- [EXERCISE]: Make an exact copy of the lines from the one containing "R c / (2 ^ n)%:R)" to the end of the records below, and leave out everything else.

= = = = =

Lemma sum_branch_labelled n b s :
  \sum_(p : bool * labelling n) ((b == p.1) && path_labelled p.2 s)%:R =
  \sum_(c : labelling n) (path_labelled c s)%:R :> R.
Proof.
rewrite -(pair_big xpredT xpredT (fun b' c => ((b == b') && path_labelled c s)%:R)) /=.
rewrite big_bool; case: b => /=.
- by rewrite [X in _ + X]big1 ?addr0.
- by rewrite [X in X + _]big1 ?add0r.
Qed.

(* [b :: s] is missed by a labelling of depth [n + 1] iff it is missed
   through each child of the root, and the two children are independent. *)
Lemma trace_probS n b s :
  trace_prob n.+1 (b :: s) = trace_prob n s - trace_prob n s ^+ 2 / 4.
Proof.
rewrite /trace_prob.
set N := #|labelling n|%:R; set C := \sum_(c : labelling n) (path_labelled c s)%:R.
have N0 : N != 0 by rewrite pnatr_eq0 -lt0n card_labelling_gt0.
have cardS : #|labelling n.+1|%:R = (2 * N) ^+ 2 :> R.
  by rewrite /= !card_prod card_bool natrM -/N expr2 natrM.
pose miss (p : bool * labelling n) : R := 1 - ((b == p.1) && path_labelled p.2 s)%:R.
have miss_sum : \sum_p miss p = 2 * N - C.
  rewrite sumrB sumr_const card_prod card_bool natrM -/N mulr_natl.
  by rewrite sum_branch_labelled.
have count : \sum_(c : labelling n.+1) (path_labelled c (b :: s))%:R =
    (2 * N) ^+ 2 - (2 * N - C) ^+ 2 :> R.
  have -> : \sum_(c : labelling n.+1) (path_labelled c (b :: s))%:R =
      \sum_(c : labelling n.+1) (1 - miss c.1 * miss c.2).
    by apply: eq_bigr => -[[b1 c1] [b2 c2]] _ /=; rewrite /miss /=;
      case: (_ && _); case: (_ && _) => /=; ring.
  rewrite sumrB sumr_const -cardS; congr (_ - _).
  rewrite -(pair_big xpredT xpredT (fun p1 p2 => miss p1 * miss p2)) /=.
  under eq_bigr => p _ do rewrite -mulr_sumr.
  by rewrite -mulr_suml miss_sum expr2.
by rewrite count cardS; field.
Qed.

Lemma mean_trace_probS n : mean_trace_prob n.+1 =
  mean_trace_prob n - (\sum_(s <- words n) trace_prob n s ^+ 2) / (4 * (2 ^ n)%:R).
Proof.
rewrite /mean_trace_prob [words _]/= big_cat !big_map.
rewrite (eq_bigr _ (fun s _ => trace_probS n false s)).
rewrite (eq_bigr _ (fun s _ => trace_probS n true s)).
rewrite sumrB expnS natrM.
set A := \sum_(s <- words n) trace_prob n s.
rewrite -mulr_suml; set B := \sum_(s <- words n) trace_prob n s ^+ 2.
by rewrite /=; field; rewrite pnatr_eq0 expn_eq0.
Qed.

Lemma mean_trace_prob_decr n :
  mean_trace_prob n.+1 <= mean_trace_prob n - mean_trace_prob n ^+ 2 / 4.
Proof.
rewrite mean_trace_probS lerD2l lerN2 /mean_trace_prob.
have := sqr_sum_le [seq trace_prob n s | s <- words n].
rewrite size_map size_words !big_map.
set A := \sum_(s <- words n) trace_prob n s.
set B := \sum_(s <- words n) trace_prob n s ^+ 2.
have N_gt0 : 0 < (2 ^ n)%:R :> R by rewrite ltr0n expn_gt0.
move=> AB; rewrite -subr_ge0.
have -> : B / (4 * (2 ^ n)%:R) - (A / (2 ^ n)%:R) ^+ 2 / 4 =
    ((2 ^ n)%:R * B - A ^+ 2) / (4 * (2 ^ n)%:R ^+ 2).
  by field; rewrite gt_eqF.
by rewrite divr_ge0 ?subr_ge0 // mulr_ge0 // exprn_ge0 // ltW.
Qed.

(* [u |-> u - u^2/4] is increasing on [0, 1], so the bound propagates. *)
Lemma mean_trace_prob_le n : mean_trace_prob n <= 4 / (n%:R + 4).
Proof.
elim: n => [|n IH]; first by rewrite mean_trace_prob0 add0r divff.
apply: (le_trans (mean_trace_prob_decr n)).
have m_ge0 := mean_trace_prob_ge0 n.
have k_gt0 : 0 < n%:R + 4 :> R by rewrite ltr_wpDl.
set u := 4 / (n%:R + 4) in IH.
have u_le1 : u <= 1 by rewrite /u ler_pdivrMr // mul1r lerDr.
apply: (@le_trans _ _ (u - u ^+ 2 / 4)); first by nra.
have -> : n.+1%:R + 4 = (n%:R + 4) + 1 :> R by rewrite -natr1; ring.
rewrite /u -subr_ge0.
set k := n%:R + 4 in k_gt0 *.
have -> : 4 / (k + 1) - (4 / k - (4 / k) ^+ 2 / 4) = 4 / (k ^+ 2 * (k + 1)).
  by field; rewrite !gt_eqF // addr_gt0.
by rewrite divr_ge0 // mulr_ge0 ?exprn_ge0 ?ltW // addr_gt0.
Qed.

Lemma mean_trace_prob_small (e : R) : 0 < e -> exists n, mean_trace_prob n <= e.
Proof.
move=> e_gt0.
have /archi_boundP : 0 <= 4 / e by rewrite divr_ge0 // ltW.
set n := Num.Def.archi_bound _ => n_gt.
exists n; apply: (le_trans (mean_trace_prob_le n)).
rewrite ler_pdivrMr ?ltr_wpDr //; move: n_gt; rewrite ltr_pdivrMr // => n_gt.
by nra.
Qed.

Lemma mean_trace_prob_n_traced n :
  mean_trace_prob n = \sum_(c : labelling n) n_traced c / ((2 ^ n)%:R * #|labelling n|%:R).
Proof.
rewrite /mean_trace_prob /n_traced /trace_prob -!mulr_suml exchange_big /=.
by rewrite -mulrA -invfM [X in _ * X^-1]mulrC.
Qed.

Lemma n_traced_markov n (e : R) : 0 < e ->
  \sum_(c : labelling n | e <= n_traced c / (2 ^ n)%:R) #|labelling n|%:R^-1 <=
  mean_trace_prob n / e.
Proof.
move=> e_gt0.
have n_traced_ge0 (c : labelling n) : 0 <= n_traced c by rewrite sumr_ge0.
rewrite mean_trace_prob_n_traced mulr_suml.
rewrite [leRHS](bigID (fun c => e <= n_traced c / (2 ^ n)%:R)) /=.
rewrite -[leLHS]addr0; apply: lerD; last first.
  by apply: sumr_ge0 => c _; rewrite !divr_ge0 // ltW.
apply: ler_sum => c big_c.
rewrite invfM mulrA -[leLHS]mul1r mulrAC ler_wpM2r ?invr_ge0 //.
by rewrite ler_pdivlMr // mul1r.
Qed.

End path_counting.

Section label_geometry.
Variables (R : realType) (lam : R).
Hypotheses (lam_gt0 : 0 < lam) (lam_le_half : lam <= 1 / 2).
Variable l : word -> bool.

Definition label_sum (om : nat -> bool) (k : nat) : R :=
  \sum_(0 <= j < k) (l (Defs.prefix om j.+1))%:R * lam ^+ j.+1.

Definition word_point n (s : seq bool) : R :=
  \sum_(0 <= j < n) (nth false s j)%:R * lam ^+ j.+1.

Definition label_set : set R := range (fun om => limn (label_sum om)).

Definition tail_weight n : R := lam ^+ n.+1 / (1 - lam).

Lemma lam_lt1 : lam < 1.
Proof. by apply: le_lt_trans lam_le_half _; rewrite ltr_pdivrMr // mul1r ltr1n. Qed.

Lemma label_sumS om k :
  label_sum om k.+1 = label_sum om k + (l (Defs.prefix om k.+1))%:R * lam ^+ k.+1.
Proof. by rewrite /label_sum big_nat_recr. Qed.

Lemma label_sum_le_geom om n k : (n <= k)%N ->
  label_sum om k <= label_sum om n + (lam ^+ n.+1 - lam ^+ k.+1) / (1 - lam).
Proof.
have lam1 : 0 < 1 - lam by rewrite subr_gt0 lam_lt1.
elim: k => [|k IH]; first by rewrite leqn0 => /eqP ->; rewrite subrr mul0r addr0.
rewrite leq_eqVlt => /orP[/eqP ->|]; first by rewrite subrr mul0r addr0.
rewrite ltnS => /IH le_k; rewrite label_sumS.
have le_term : (l (Defs.prefix om k.+1))%:R * lam ^+ k.+1 <= lam ^+ k.+1.
  by case: (l _); rewrite ?mul1r ?mul0r // exprn_ge0 // ltW.
apply: (le_trans (lerD le_k le_term)).
rewrite -addrA lerD2l le_eqVlt; apply/orP; left; apply/eqP.
by rewrite [lam ^+ k.+2]exprS; field; rewrite gt_eqF.
Qed.

Lemma label_sum_nd om : nondecreasing_seq (label_sum om).
Proof.
apply/nondecreasing_seqP => k; rewrite label_sumS lerDl.
by rewrite mulr_ge0 // exprn_ge0 // ltW.
Qed.

Lemma tail_weight_ge0 n : 0 <= tail_weight n.
Proof. by rewrite /tail_weight divr_ge0 ?exprn_ge0 ?ltW // subr_gt0 lam_lt1. Qed.

Lemma label_sum_le_tail om n k :
  (n <= k)%N -> label_sum om k <= label_sum om n + tail_weight n.
Proof.
move=> nk; apply: (le_trans (@label_sum_le_geom om n k nk)).
rewrite /tail_weight lerD2l ler_pM2r ?invr_gt0 ?subr_gt0 ?lam_lt1 //.
by rewrite gerDl oppr_le0 exprn_ge0 // ltW.
Qed.

Lemma label_sum_cvg om : cvgn (label_sum om).
Proof.
apply: nondecreasing_is_cvgn; first exact: label_sum_nd.
exists (label_sum om 0 + tail_weight 0) => _ [k _ <-].
exact: label_sum_le_tail.
Qed.

Lemma label_sum_le_lim om n : label_sum om n <= limn (label_sum om).
Proof. by apply: nondecreasing_cvgn_le; [exact: label_sum_nd|exact: label_sum_cvg]. Qed.

Lemma lim_le_label_sum om n :
  limn (label_sum om) <= label_sum om n + tail_weight n.
Proof.
apply: limr_le; first exact: label_sum_cvg.
by near=> k; apply: label_sum_le_tail; near: k; exists n.
Unshelve. all: by end_near.
Qed.

Lemma label_sum_word_point om n : label_sum om n = word_point n (path_labels n l om).
Proof.
apply: eq_big_nat => j /andP[_ jn].
by rewrite /path_labels (nth_map 0%N) ?size_iota // nth_iota.
Qed.

Lemma tail_weight_le n : tail_weight n <= (2 ^ n)%:R^-1.
Proof.
have lam1 : 0 < 1 - lam by rewrite subr_gt0 lam_lt1.
have half : lam / (1 - lam) <= 1.
  by rewrite ler_pdivrMr // mul1r; move: lam_le_half; rewrite div1r; lra.
rewrite /tail_weight exprSr -mulrA -[leRHS]mulr1 natrX -exprVn ler_pM //.
- by rewrite exprn_ge0 // ltW.
- by rewrite divr_ge0 // ltW.
- by rewrite lerXn2r ?nnegrE ?invr_ge0 ?(ltW lam_gt0) // -div1r.
Qed.

Lemma label_set_sub n : label_set `<=`
  \big[setU/set0]_(s <- words n | path_labelled (labelling_of n l) s)
     `[word_point n s, word_point n s + tail_weight n]%classic.
Proof.
move=> _ [om _ <-]; apply: (mem_bigsetU (i := path_labels n l om)).
- by rewrite mem_words size_path_labels.
- exact: path_labelled_of.
- by rewrite /= in_itv /= -label_sum_word_point label_sum_le_lim lim_le_label_sum.
Qed.

Lemma lebesgue_label_set_le n :
  ((@lebesgue_measure R) label_set <=
   (n_traced R (labelling_of n l) / (2 ^ n)%:R)%:E)%E.
Proof.
apply: (le_trans (le_lebesgue_measure (label_set_sub n))).
apply: (le_trans (measure_bigsetU_le lebesgue_measure _ (fun s _ => measurable_itv _))).
set w := tail_weight n.
apply: (@le_trans _ _ (\sum_(s <- words n | path_labelled (labelling_of n l) s) w%:E)).
  apply: lee_sum => s _; have := lebesgue_measure_itv `[word_point n s, word_point n s + w].
  rewrite /= lte_fin => ->; case: ifP => _; last by rewrite lee_fin tail_weight_ge0.
  by rewrite -EFinD lee_fin addrAC subrr add0r.
rewrite sumEFin lee_fin big_mkcond /n_traced mulr_suml.
apply: ler_sum => s _; case: (path_labelled _ s); last by rewrite mul0r.
by rewrite mul1r tail_weight_le.
Qed.

End label_geometry.

Definition zero_one_labels (R : realType) (f : word -> R) : Prop :=
  forall v, (0 < size v)%N -> f v = 0 \/ f v = 1.

Section label_events.
Variables (d : measure_display) (T : measurableType d) (R : realType)
  (P : probability T R) (a : word -> {RV P >-> R}).
Hypothesis a_indep : mutually_independent_rv P a.
Hypothesis a_fair : forall v : word, (0 < size v)%N ->
  P (a v @^-1` [set 0]) = (1 / 2)%:E /\ P (a v @^-1` [set 1]) = (1 / 2)%:E.

Definition label_event n (c : labelling n) : set T :=
  \bigcap_(v in [set` vertices n]) (a v @^-1` [set (label c v)%:R]).

Lemma measurable_label_event n (c : labelling n) : measurable (label_event c).
Proof.
apply: fin_bigcap_measurable; first exact: finite_seq.
by move=> v _; apply: measurable_funPTI.
Qed.

Lemma P_label_event n (c : labelling n) : P (label_event c) = (#|labelling n|%:R^-1)%:E.
Proof.
rewrite /label_event (a_indep (B := fun v => [set (label c v)%:R]) (uniq_vertices n)) //.
rewrite (eq_big_seq (fun _ => (1 / 2)%:E)); last first.
  move=> v; rewrite mem_vertices => /andP[v_gt0 _].
  by have [P0 P1] := a_fair v_gt0; case: (label c v).
by rewrite prodEFin big_const_seq count_predT iter_mulr_1 card_labelling natrX div1r exprVn.
Qed.

Definition wide_event m n : set T :=
  \big[setU/set0]_(c : labelling n | m.+1%:R^-1 <= n_traced R c / (2 ^ n)%:R)
    label_event c.

Lemma measurable_wide_event m n : measurable (wide_event m n).
Proof. by apply: bigsetU_measurable => c _; exact: measurable_label_event. Qed.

= = = = =

- [SOLUTION TO THIS EXERCISE]:
  \big[setU/set0]_(c : labelling n | m.+1%:R^-1 <= n_traced R c / (2 ^ n)%:R)
    label_event c.

Lemma measurable_wide_event m n : measurable (wide_event m n).
Proof. by apply: bigsetU_measurable => c _; exact: measurable_label_event. Qed.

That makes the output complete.